Collected data:
(* Let a lattice $\Lambda\subset\mathbb R^3$ have Voronoi type $V_1$, i.e. its Voronoi domain is a truncated octahedron. Then: (a) up to reordering of vectors, $\Lambda$ has exactly two obtuse superbases, and they are related by the central symmetry $v\mapsto -v$: if $(v_0,v_1,v_2,v_3)$ is an obtuse superbase, the only obtuse superbases are reorderings of $\{v_0,v_1,v_2,v_3\}$ and of $\{-v_0,-v_1,-v_2,-v_3\}$; (b) the coforms of all (ordered) obtuse superbases of $\Lambda$ are related by the 24 index-permutations, i.e. for any two obtuse superbases $B,B'$ there is $\sigma\in S_4$ with $p'_{ij}=p_{\sigma(i)\sigma(j)}$ for all $i\ne j$.
   Context: A lattice $\Lambda\subset\mathbb R^3$ is the set of integer combinations of a basis $v_1,v_2,v_3$. A superbase is $(v_0,v_1,v_2,v_3)$ with $v_1,v_2,v_3$ a basis of $\Lambda$ and $v_0=-v_1-v_2-v_3$; its conorms are $p_{ij}=-v_i\cdot v_j$ for distinct $i,j\in\{0,1,2,3\}$ ($p_{ij}=p_{ji}$), and it is obtuse if all $p_{ij}\ge 0$. The coform is the matrix $\begin{pmatrix}p_{23}&p_{13}&p_{12}\\ p_{01}&p_{02}&p_{03}\end{pmatrix}$. An index-permutation $\sigma\in S_4$ maps conorms by $p_{ij}\mapsto p_{\sigma(i)\sigma(j)}$. The Voronoi domain of $\Lambda$ is $V(\Lambda)=\{p\in\mathbb R^3: |p|\le |p-v| \text{ for all } v\in\Lambda\}$. *)

From Stdlib Require Import Reals ZArith List.
From mathcomp Require Import all_boot fingroup perm.
Set Implicit Arguments. Unset Strict Implicit. Unset Printing Implicit Defensive.

Open Scope R_scope.

Record V3 := mkV { vx : R; vy : R; vz : R }.

Definition vadd (u v : V3) : V3 := mkV (vx u + vx v) (vy u + vy v) (vz u + vz v).
Definition vopp (u : V3) : V3 := mkV (- vx u) (- vy u) (- vz u).
Definition vsub (u v : V3) : V3 := vadd u (vopp v).
Definition vscale (a : R) (u : V3) : V3 := mkV (a * vx u) (a * vy u) (a * vz u).
Definition vzero : V3 := mkV 0 0 0.
Definition dot (u v : V3) : R := vx u * vx v + vy u * vy v + vz u * vz v.
Definition cross (u v : V3) : V3 :=
  mkV (vy u * vz v - vz u * vy v) (vz u * vx v - vx u * vz v) (vx u * vy v - vy u * vx v).
Definition det3 (u v w : V3) : R := dot u (cross v w).

Definition in_lattice (b1 b2 b3 : V3) (v : V3) : Prop :=
  exists a1 a2 a3 : Z,
    v = vadd (vscale (IZR a1) b1) (vadd (vscale (IZR a2) b2) (vscale (IZR a3) b3)).

Definition i0 : 'I_4 := @Ordinal 4 0 isT.
Definition i1 : 'I_4 := @Ordinal 4 1 isT.
Definition i2 : 'I_4 := @Ordinal 4 2 isT.
Definition i3 : 'I_4 := @Ordinal 4 3 isT.

(* v : 'I_4 -> V3 is a superbase of the lattice with basis b1 b2 b3:
   v1, v2, v3 is a basis of the lattice (it generates exactly the lattice;
   since the lattice has rank 3 this forces linear independence) and
   v0 = - v1 - v2 - v3. *)
Definition superbase (b1 b2 b3 : V3) (v : 'I_4 -> V3) : Prop :=
  (forall w, in_lattice b1 b2 b3 w <-> in_lattice (v i1) (v i2) (v i3) w) /\
  v i0 = vopp (vadd (v i1) (vadd (v i2) (v i3))).

Definition conorm (v : 'I_4 -> V3) (i j : 'I_4) : R := - dot (v i) (v j).

Definition obtuse (v : 'I_4 -> V3) : Prop :=
  forall i j : 'I_4, i != j -> 0 <= conorm v i j.

Definition obtuse_superbase (b1 b2 b3 : V3) (v : 'I_4 -> V3) : Prop :=
  superbase b1 b2 b3 v /\ obtuse v.

Definition voronoi (b1 b2 b3 : V3) (p : V3) : Prop :=
  forall w, in_lattice b1 b2 b3 w -> dot p p <= dot (vsub p w) (vsub p w).

(* w is a facet vector: w is a nonzero lattice vector and the face
   V(Lambda) ∩ {p : |p| = |p - w|} is 2-dimensional (contains three
   non-collinear points).  Facets of V(Lambda) are in bijection with
   facet vectors. *)
Definition facet_vector (b1 b2 b3 : V3) (w : V3) : Prop :=
  in_lattice b1 b2 b3 w /\ w <> vzero /\
  exists p q r : V3,
    voronoi b1 b2 b3 p /\ voronoi b1 b2 b3 q /\ voronoi b1 b2 b3 r /\
    dot p p = dot (vsub p w) (vsub p w) /\
    dot q q = dot (vsub q w) (vsub q w) /\
    dot r r = dot (vsub r w) (vsub r w) /\
    cross (vsub q p) (vsub r p) <> vzero.

(* Voronoi type V1: the Voronoi domain is a truncated octahedron, i.e.
   (among the five 3D parallelohedra) it has exactly 14 facets. *)
Definition voronoi_type_V1 (b1 b2 b3 : V3) : Prop :=
  exists s : list V3, NoDup s /\ length s = 14%nat /\
    forall w, facet_vector b1 b2 b3 w <-> In w s.

Definition reordering (v w : 'I_4 -> V3) : Prop :=
  exists s : {perm 'I_4}, forall i, w i = v (s i).

Definition neg_sb (v : 'I_4 -> V3) : 'I_4 -> V3 := fun i => vopp (v i).

From Stdlib Require Import Reals ZArith List Bool Lra Lia ClassicalEpsilon Classical.
From mathcomp Require Import all_boot fingroup perm.
Open Scope R_scope.

(* A superbase minimising the sum of the squared lengths of its four vectors
   is obtuse: if p_ij < 0, the Selling step v_i -> -v_i, v_k -> v_k + v_i
   (k <> i, j) shortens it.  For an obtuse superbase, Selling's formula
   |sum_i l_i v_i|^2 = sum_{i<j} p_ij (l_i - l_j)^2 shows that reducing
   coefficients modulo 2 does not increase length, so, by Voronoi's
   characterisation of facet vectors as the strict minima of their classes
   modulo 2 Lambda, every facet vector is one of the 14 vectors +-v_i,
   v_i + v_j.  In type V1 all 14 must then be facet vectors; as v_i + v_j is
   not one when v_i and v_j are orthogonal, all conorms are positive.
   Finally, for another superbase with integer coordinates on the first, the
   sum of squared lengths is sum p_ij q_ij with integers q_ij >= 2; with
   positive conorms it is minimal only when all q_ij = 2, which a finite check
   shows to happen exactly for the signed reorderings.  Two obtuse superbases
   are both minimal, hence related by a signed reordering, and conorms are
   invariant under v -> -v. *)

(** * Vectors and lattices *)

Definition comb (b c d : V3) (x y z : R) : V3 :=
  vadd (vscale x b) (vadd (vscale y c) (vscale z d)).

Lemma V3_ext (u v : V3) : vx u = vx v -> vy u = vy v -> vz u = vz v -> u = v.
Proof. destruct u, v; simpl; intros -> -> ->; reflexivity. Qed.

Ltac expand_vectors :=
  unfold comb, det3, vsub, vadd, vopp, vscale, vzero, dot, cross in *; simpl in *.

Ltac vector_ring := expand_vectors; apply V3_ext; simpl; ring.

Ltac push_IZR :=
  repeat first [rewrite minus_IZR | rewrite plus_IZR | rewrite mult_IZR | rewrite opp_IZR].

Lemma dotDl u v w : dot (vadd u v) w = dot u w + dot v w. Proof. expand_vectors; ring. Qed.
Lemma dotDr u v w : dot w (vadd u v) = dot w u + dot w v. Proof. expand_vectors; ring. Qed.
Lemma dotNl u w : dot (vopp u) w = - dot u w. Proof. expand_vectors; ring. Qed.
Lemma dotNr u w : dot w (vopp u) = - dot w u. Proof. expand_vectors; ring. Qed.
Lemma dotZl a u w : dot (vscale a u) w = a * dot u w. Proof. expand_vectors; ring. Qed.
Lemma dotZr a u w : dot w (vscale a u) = a * dot w u. Proof. expand_vectors; ring. Qed.
Lemma dotC u w : dot u w = dot w u. Proof. expand_vectors; ring. Qed.

Ltac expand_dots :=
  repeat first [ rewrite dotDl | rewrite dotDr | rewrite dotNl | rewrite dotNr
               | rewrite dotZl | rewrite dotZr ].

Lemma vopp_involutive u : vopp (vopp u) = u.
Proof. vector_ring. Qed.

Lemma vsub_eq0 u v : vsub u v = vzero -> u = v.
Proof.
  destruct u, v; unfold vsub, vadd, vopp, vzero; simpl; intro E.
  injection E; intros; apply V3_ext; simpl; lra.
Qed.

▶ What the exercise asks:
Work out how many lines of the records contain the word "destruct", and give only that number.

▶ Solution for this task:
2